Nevertheless, after about eight to ten hours, things began to turn around. Martin’s urine output increased; with this, his lungs began to clear. The bleeding subsided and his blood count stabilized. He became fully awake and alert. The paralysis went away and he could move all his extremities.

The following day, things improved to the point where his doctors felt could survive—if he got a new heart. Martin met all the criteria for possible heart transplantation.

A specialized heart center with transplant capabilities was contacted. They accepted Martin as a patient and he was transferred there that evening.
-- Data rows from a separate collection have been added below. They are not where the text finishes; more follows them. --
Lemma div_lpnorm2_ge p eps : 0 < p -> 0 < d -> 0 <= eps ->
  a <= (1 + eps) * (d / 2) -> b <= (1 + eps) * (d / 2) ->
  powR 2 (1 - p^-1) / (1 + eps) <= d / lpnorm2 p a b.
Proof.
move=> p0 d_gt0 eps0 am bm; set m := (1 + eps) * (d / 2).
have m0 : 0 < m by rewrite mulr_gt0 ?divr_gt0 // ltr_wpDr.
have lp_gt0 : 0 < lpnorm2 p a b by apply: lpnorm2_gt0; rewrite // (lt_le_trans d_gt0).
have lp_le : lpnorm2 p a b <= powR 2 p^-1 * m.
  by rewrite -lpnorm2_diag ?(ltW m0) ?lt0r_neq0 //; exact: ler_lpnorm2.
have -> : powR 2 (1 - p^-1) / (1 + eps) = d / (powR 2 p^-1 * m).
  have pw0 : powR 2 p^-1 != 0 :> R by rewrite lt0r_neq0 // powR_gt0.
  rewrite powRB ?pnatr_eq0 ?implybT // powRr1 // /m.
  by field; rewrite pw0 !lt0r_neq0 // ltr_wpDr.
apply: (ler_wpM2l d0); rewrite lef_pV2; first exact: lp_le.
  by rewrite posrE mulr_gt0 ?powR_gt0.
by rewrite posrE.
Qed.

End Ratio.

End PowerMean.

Section Euclid.
Context {R : realType} {n : nat}.

Lemma edist_ge0 (x y : 'rV[R]_n) : 0 <= edist x y.
Proof. exact: sqrtr_ge0. Qed.

Lemma edist_sym (x y : 'rV[R]_n) : edist x y = edist y x.
Proof. by rewrite /edist; congr Num.sqrt; apply: eq_bigr => i _; rewrite -sqrrN opprB. Qed.

Lemma lagrange_identity (u v : 'I_n -> R) :
  \sum_i \sum_j (u i * v j - u j * v i) ^+ 2 =
  2 * ((\sum_i u i ^+ 2) * (\sum_i v i ^+ 2) - (\sum_i u i * v i) ^+ 2).
Proof.
have AB : (\sum_i u i ^+ 2) * (\sum_i v i ^+ 2) = \sum_i \sum_j u i ^+ 2 * v j ^+ 2.
  by rewrite mulr_suml; apply: eq_bigr => i _; rewrite mulr_sumr.
have C2 : (\sum_i u i * v i) ^+ 2 = \sum_i \sum_j u i * v i * (u j * v j).
  by rewrite expr2 mulr_suml; apply: eq_bigr => i _; rewrite mulr_sumr.
have AB' : (\sum_i u i ^+ 2) * (\sum_i v i ^+ 2) = \sum_i \sum_j u j ^+ 2 * v i ^+ 2.
  by rewrite AB exchange_big.
rewrite mulrBr mulr_natl mulr2n {1}AB AB' C2 mulr_sumr -!big_split -sumrB /=.
apply: eq_bigr => i _; rewrite mulr_sumr -!big_split -sumrB /=.
by apply: eq_bigr => j _; ring.
Qed.

Lemma cauchy_schwarz (u v : 'I_n -> R) :
  \sum_i u i * v i <= Num.sqrt (\sum_i u i ^+ 2) * Num.sqrt (\sum_i v i ^+ 2).
Proof.
have : 0 <= \sum_i \sum_j (u i * v j - u j * v i) ^+ 2.
  by apply: sumr_ge0 => i _; apply: sumr_ge0 => j _; exact: sqr_ge0.
rewrite lagrange_identity pmulr_rge0 // subr_ge0 => CS.
rewrite -sqrtrM ?sumr_ge0 // => [|i _]; last exact: sqr_ge0.
apply: le_trans (ler_norm _) _; rewrite -sqrtr_sqr ler_sqrt //.
by rewrite mulr_ge0 ?sumr_ge0 // => i _; exact: sqr_ge0.
Qed.

Lemma minkowski2 (u v : 'I_n -> R) :
  Num.sqrt (\sum_i (u i + v i) ^+ 2) <=
  Num.sqrt (\sum_i u i ^+ 2) + Num.sqrt (\sum_i v i ^+ 2).
Proof.
have sq0 (w : 'I_n -> R) : 0 <= \sum_i w i ^+ 2 by apply: sumr_ge0 => i _; exact: sqr_ge0.
rewrite -[X in _ <= X]ger0_norm ?addr_ge0 ?sqrtr_ge0 // -sqrtr_sqr ler_sqrt ?sqr_ge0 //.
have -> : \sum_i (u i + v i) ^+ 2 =
    \sum_i u i ^+ 2 + 2 * \sum_i u i * v i + \sum_i v i ^+ 2.
  by rewrite mulr_sumr -!big_split /=; apply: eq_bigr => i _; ring.
rewrite sqrrD !sqr_sqrtr // lerD2r lerD2l mulr_natl.
by apply: ler_wMn2r; exact: cauchy_schwarz.
Qed.

Lemma edist_triangle (x y z : 'rV[R]_n) : edist x y <= edist x z + edist z y.
Proof.
rewrite /edist (eq_bigr (fun i => ((x ord0 i - z ord0 i) + (z ord0 i - y ord0 i)) ^+ 2)).
  exact: minkowski2.
by move=> i _; rewrite addrA subrK.
Qed.

End Euclid.

Section BoundaryRatio.
Context {R : realType} {n : nat}.
Implicit Types (G : set 'rV[R]_n) (p r : R).

Definition bratio p (z1 z2 z : 'rV[R]_n) : R :=
  edist z1 z2 / lpnorm2 p (edist z1 z) (edist z z2).

Lemma bGpE G p (z1 z2 : 'rV[R]_n) : bGp G p z1 z2 = sup (bratio p z1 z2 @` bdry G).
Proof. by rewrite /bGp /bratio lpnorm2.unlock. Qed.

Lemma sGE G z1 z2 : sG G z1 z2 = bGp G 1 z1 z2.
Proof.
rewrite bGpE /sG; congr sup; apply: eq_imagel => z _.
by rewrite /bratio lpnorm2_1 ?edist_ge0.
Qed.

Lemma bratio_nondecreasing r p z1 z2 z : 1 <= r -> r <= p ->
  bratio r z1 z2 z <= bratio p z1 z2 z.
Proof. by apply: div_lpnorm2_nondecreasing; rewrite ?edist_ge0 ?edist_triangle. Qed.

Lemma bratio_le_powR2 r p z1 z2 z : 1 <= r -> r <= p ->
  bratio p z1 z2 z <= powR 2 (r^-1 - p^-1) * bratio r z1 z2 z.
Proof. by apply: div_lpnorm2_le_powR2; rewrite ?edist_ge0 ?edist_triangle. Qed.

Lemma bratio_le p z1 z2 z : 1 <= p -> bratio p z1 z2 z <= powR 2 (1 - p^-1).
Proof. by apply: div_lpnorm2_le; rewrite ?edist_ge0 ?edist_triangle. Qed.

Lemma bratio_ubound G p z1 z2 : 1 <= p -> has_ubound (bratio p z1 z2 @` bdry G).
Proof. by move=> p1; exists (powR 2 (1 - p^-1)) => _ [z _ <-]; exact: bratio_le. Qed.

Lemma bGp_nondecreasing G r p z1 z2 : 1 <= r -> r <= p ->
  bGp G r z1 z2 <= bGp G p z1 z2.
Proof.
move=> r1 rp; rewrite !bGpE -[X in _ <= X]mul1r.
apply: sup_image_le_mul => [//||z _]; first exact: bratio_ubound (le_trans r1 rp).
by rewrite mul1r bratio_nondecreasing.
Qed.

Lemma bGp_le_powR2 G r p z1 z2 : 1 <= r -> r <= p ->
  bGp G p z1 z2 <= powR 2 (r^-1 - p^-1) * bGp G r z1 z2.
Proof.
move=> r1 rp; rewrite !bGpE.
apply: sup_image_le_mul => [||z _]; [exact: powR_ge0 | exact: bratio_ubound|].
exact: bratio_le_powR2.
Qed.

Lemma bGp_le G p z1 z2 : 1 <= p -> bGp G p z1 z2 <= powR 2 (1 - p^-1).
Proof.
move=> p1; rewrite bGpE; have [->|/set0P[z0 Gz0]] := eqVneq (bdry G) set0.
  by rewrite image_set0 sup0 powR_ge0.
apply: ge_sup => [|_ [z _ <-]]; first by exists (bratio p z1 z2 z0), z0.
exact: bratio_le.
Qed.

Lemma bratio_le_bGp G p z1 z2 z : 1 <= p -> bdry G z ->
  bratio p z1 z2 z <= bGp G p z1 z2.
Proof.
by move=> p1 Gz; rewrite bGpE; apply: ub_le_sup; [exact: bratio_ubound | exists z].
Qed.

Lemma bratio_ge_midpoint p eps z1 z2 z : 1 <= p -> 0 < edist z1 z2 -> 0 <= eps ->
  edist z1 z <= (1 + eps) * (edist z1 z2 / 2) ->
  edist z z2 <= (1 + eps) * (edist z1 z2 / 2) ->
  powR 2 (1 - p^-1) / (1 + eps) <= bratio p z1 z2 z.
Proof.
move=> p1; apply: div_lpnorm2_ge; rewrite ?edist_ge0 ?edist_triangle //.
exact: lt_le_trans ltr01 p1.
Qed.

End BoundaryRatio.

Section Geometry.
Context {R : realType} {n : nat}.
The next morning, he was taken again to the operating room. His LVAD was removed and replaced with a different type of cardiac assist device called a HeartMate. The new device was much smaller and portable. It could stay in place for a long time while Martin waited for his heart to strengthen. If it didn't, the HeartMate would keep him stable while he waited for a heart to become available for transplantation.

 

Over the next few days, Martin dramatically improved. His kidney function returned to normal and he was able to eliminate the excess fluid in his lungs on his own.

His left side strengthened and he was able to get out of bed and sit up in a chair. Over the following days he began walking the halls of the hospital, getting stronger every day.

Martin is now patiently waiting for a new heart and is making plans to walk his daughter down the aisle at her upcoming wedding.